(* Let $\mathsf k_1,\mathsf k_2,\mathsf k_3$ be nonzero, and let $(\{\lambda_j\}_{j\le L},\{\mu_h\}_{h\le M})$ be a solution of the Bethe equations satisfying $\lambda_l\ne\lambda_m$, $\mu_p\ne\mu_q$, $\mu_q\ne\lambda_m$ for all $l\ne m$, $p\ne q$, and $\{\mu_h\}\cap\{\xi_n\}=\emptyset$. Let $t_1(\lambda)=t_1(\lambda|\{\lambda_j\},\{\mu_h\})$, set $x_a=t_1(\xi_a)$ and let $t_n(\lambda)=t_n(\lambda|\{x_a\})$, $n\ge2$, be the interpolation polynomials. Then $$t_2(\lambda)=\Lambda_1(\lambda)\big(\mathsf k_1t_1(\lambda+\eta)+\mathsf k_2\mathsf k_3d(\lambda)\big)/\mathsf k_1=\Lambda_1(\lambda)\big(\Lambda_1(\lambda+\eta)-\Lambda_2(\lambda+\eta)-\Lambda_3(\lambda+\eta)+\mathsf k_2\mathsf k_3d(\lambda)/\mathsf k_1\big),$$ and $t_{n+1}(\lambda)=\Lambda_1(\lambda)\,t_n(\lambda+\eta)$ for all $n\ge2$.
   Context: Fix a nonzero complex number $\eta$, an integer $\mathsf N\ge1$ and complex inhomogeneities $\xi_1,\dots,\xi_{\mathsf N}$ with $\xi_a-\xi_b\notin\eta\mathbb Z$ for $a\ne b$. This concerns the fundamental $gl_{1|2}$ model with diagonal twist $K=\operatorname{diag}(\mathsf k_1,\mathsf k_2,\mathsf k_3)$. Write $d(\lambda)=\prod_{n=1}^{\mathsf N}(\lambda-\xi_n)$, $a(\lambda)=d(\lambda+\eta)$, and $f^{(m)}_a(\lambda)=\prod_{b\ne a}\frac{\lambda-\xi_b}{\xi_a-\xi_b}\prod_{b=1}^{\mathsf N}\prod_{r=1}^{m-1}\frac{1}{\xi_a-\xi_b+r\eta}$. Let $T_{\infty,1}=\mathsf k_1-\mathsf k_2-\mathsf k_3$ and $T_{\infty,n}=\mathsf k_1^{n-2}(\mathsf k_1-\mathsf k_2)(\mathsf k_1-\mathsf k_3)$ for $n\ge2$. Interpolation polynomials in unknowns $\{x_a\}$: $t_1(\lambda|\{x_a\})=T_{\infty,1}d(\lambda)+\sum_af^{(1)}_a(\lambda)x_a$ and, for $n\ge1$, $t_{n+1}(\lambda|\{x_a\})=\prod_{r=1}^nd(\lambda+r\eta)\big[T_{\infty,n+1}d(\lambda)+\sum_af^{(n+1)}_a(\lambda)t_n(\xi_a+\eta|\{x_a\})x_a\big]$. Bethe Ansatz: $Q_1(\lambda)=\prod_{l=1}^L(\lambda-\lambda_l)$, $Q_2(\lambda)=\prod_{m=1}^M(\lambda-\mu_m)$; Bethe equations: $\mathsf k_1Q_2(\lambda_j)a(\lambda_j)=\mathsf k_2d(\lambda_j)Q_2(\lambda_j+\eta)$ ($j\le L$) and $\mathsf k_2Q_2(\mu_j+\eta)Q_1(\mu_j-\eta)=-\mathsf k_3Q_2(\mu_j-\eta)Q_1(\mu_j)$ ($j\le M$). Define $\Lambda_1(\lambda)=\mathsf k_1a(\lambda)\frac{Q_1(\lambda-\eta)}{Q_1(\lambda)}$, $\Lambda_2(\lambda)=\mathsf k_2d(\lambda)\frac{Q_1(\lambda-\eta)Q_2(\lambda+\eta)}{Q_1(\lambda)Q_2(\lambda)}$, $\Lambda_3(\lambda)=\mathsf k_3d(\lambda)\frac{Q_2(\lambda-\eta)}{Q_2(\lambda)}$, and $t_1(\lambda|\{\lambda_j\},\{\mu_h\})=\Lambda_1(\lambda)-\Lambda_2(\lambda)-\Lambda_3(\lambda)$. *)

(* The complex field is modelled by an arbitrary
   numClosedFieldType R (algebraically closed, characteristic 0). *)
From HB Require Import structures.
From mathcomp Require Import all_boot all_order all_algebra.
Set Implicit Arguments. Unset Strict Implicit. Unset Printing Implicit Defensive.
Import Order.TTheory GRing.Theory Num.Theory.
Local Open Scope ring_scope.

Section GL12.
Variable R : numClosedFieldType.

Definition dfun (N : nat) (xi : 'I_N -> R) (l : R) : R :=
  \prod_(n < N) (l - xi n).

Definition Qfun (L : nat) (r : 'I_L -> R) (l : R) : R :=
  \prod_(j < L) (l - r j).

Definition Tinf (k1 k2 k3 : R) (n : nat) : R :=
  if n == 1%N then k1 - k2 - k3
  else k1 ^+ (n - 2) * (k1 - k2) * (k1 - k3).

Definition fcoef (N : nat) (xi : 'I_N -> R) (eta : R) (m : nat) (a : 'I_N) (l : R) : R :=
  (\prod_(b < N | b != a) ((l - xi b) / (xi a - xi b))) *
  \prod_(b < N) \prod_(1 <= r < m) (xi a - xi b + r%:R * eta)^-1.

(* interpolation polynomials t_n(l | {x_a}), n >= 1 (index 0 is unused, set to 0) *)
Fixpoint tinterp (N : nat) (xi : 'I_N -> R) (eta k1 k2 k3 : R) (x : 'I_N -> R)
  (n : nat) (l : R) {struct n} : R :=
  match n with
  | 0 => 0
  | 1 => Tinf k1 k2 k3 1 * dfun xi l + \sum_(a < N) fcoef xi eta 1 a l * x a
  | (m.+1 as k).+1 =>
      (\prod_(1 <= r < k.+1) dfun xi (l + r%:R * eta)) *
      (Tinf k1 k2 k3 k.+1 * dfun xi l +
       \sum_(a < N) fcoef xi eta k.+1 a l * tinterp xi eta k1 k2 k3 x k (xi a + eta) * x a)
  end.

(* Lambda_1, Lambda_2, Lambda_3 (rational functions, evaluated pointwise) *)
Definition Lam1 (N L : nat) (xi : 'I_N -> R) (eta k1 : R) (lam : 'I_L -> R) (l : R) : R :=
  k1 * dfun xi (l + eta) * Qfun lam (l - eta) / Qfun lam l.

Definition Lam2 (N L M : nat) (xi : 'I_N -> R) (eta k2 : R)
  (lam : 'I_L -> R) (mu : 'I_M -> R) (l : R) : R :=
  k2 * dfun xi l * (Qfun lam (l - eta) * Qfun mu (l + eta)) / (Qfun lam l * Qfun mu l).

Definition Lam3 (N M : nat) (xi : 'I_N -> R) (eta k3 : R) (mu : 'I_M -> R) (l : R) : R :=
  k3 * dfun xi l * Qfun mu (l - eta) / Qfun mu l.

Definition t1BA (N L M : nat) (xi : 'I_N -> R) (eta k1 k2 k3 : R)
  (lam : 'I_L -> R) (mu : 'I_M -> R) (l : R) : R :=
  Lam1 xi eta k1 lam l - Lam2 xi eta k2 lam mu l - Lam3 xi eta k3 mu l.

(* p is the polynomial t_1(l | {lambda_j},{mu_h}): it agrees with the
   rational expression wherever the latter is defined *)
Definition is_t1poly (N L M : nat) (xi : 'I_N -> R) (eta k1 k2 k3 : R)
  (lam : 'I_L -> R) (mu : 'I_M -> R) (p : {poly R}) : Prop :=
  forall l : R, Qfun lam l != 0 -> Qfun mu l != 0 ->
    p.[l] = t1BA xi eta k1 k2 k3 lam mu l.

End GL12.

From HB Require Import structures.
From mathcomp Require Import all_boot all_order all_algebra.
From mathcomp Require Import ring zify.
Import Order.TTheory GRing.Theory Num.Theory.
Set Implicit Arguments. Unset Strict Implicit. Unset Printing Implicit Defensive.
Local Open Scope ring_scope.

(* The Bethe equations for the lam_j and the mu_h are exactly the conditions
   for Q1 and then Q2 to divide the numerators of Lam1 - Lam2 and of t1, so t1
   is a polynomial of degree N with leading coefficient k1 - k2 - k3, and
   t1(xi_a) = Lam1(xi_a) because d(xi_a) = 0.  The Bethe equation for lam_j
   also makes Q1 divide k1 t1(l + eta) + k2 k3 d(l) = Q1(l) D(l).  The
   polynomial E_k(l) = k1^k Q1(l - eta) D(l + k eta) has degree N and leading
   coefficient T_{infty,k+2}, and Lam1(l) E_k(l + eta) = d(l + eta) E_{k+1}(l).
   Hence the bracket defining t_{k+2} is the Lagrange interpolation of E_k at
   the xi_a, and by induction t_{k+2}(l) = prod_{r=1}^{k+1} d(l + r eta) E_k(l).
   Both claims are read off this closed form. *)

Section TopCoef.
Variable R : idomainType.
Implicit Types (p q : {poly R}) (c : R).

(* [top_coef n c p]: p has degree at most n and its coefficient of X^n is c
   (so c = 0 is allowed, and then the degree is smaller). *)
Definition top_coef n c p := (size p <= n.+1)%N /\ p`_n = c.

Lemma top_coefD n c c' p q :
  top_coef n c p -> top_coef n c' q -> top_coef n (c + c') (p + q).
Proof.
move=> [sp ep] [sq eq]; split; last by rewrite coefD ep eq.
by apply: leq_trans (size_polyD _ _) _; rewrite geq_max sp sq.
Qed.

TASK DESCRIPTION
Could you repeat exactly the lines above from the line with "N) (l - xi n)." up to and including the line with "r%:R * eta)^-1.", and only those?

ANSWER AREA
  \prod_(n < N) (l - xi n).

Definition Qfun (L : nat) (r : 'I_L -> R) (l : R) : R :=
  \prod_(j < L) (l - r j).

Definition Tinf (k1 k2 k3 : R) (n : nat) : R :=
  if n == 1%N then k1 - k2 - k3
  else k1 ^+ (n - 2) * (k1 - k2) * (k1 - k3).

Definition fcoef (N : nat) (xi : 'I_N -> R) (eta : R) (m : nat) (a : 'I_N) (l : R) : R :=
  (\prod_(b < N | b != a) ((l - xi b) / (xi a - xi b))) *
  \prod_(b < N) \prod_(1 <= r < m) (xi a - xi b + r%:R * eta)^-1.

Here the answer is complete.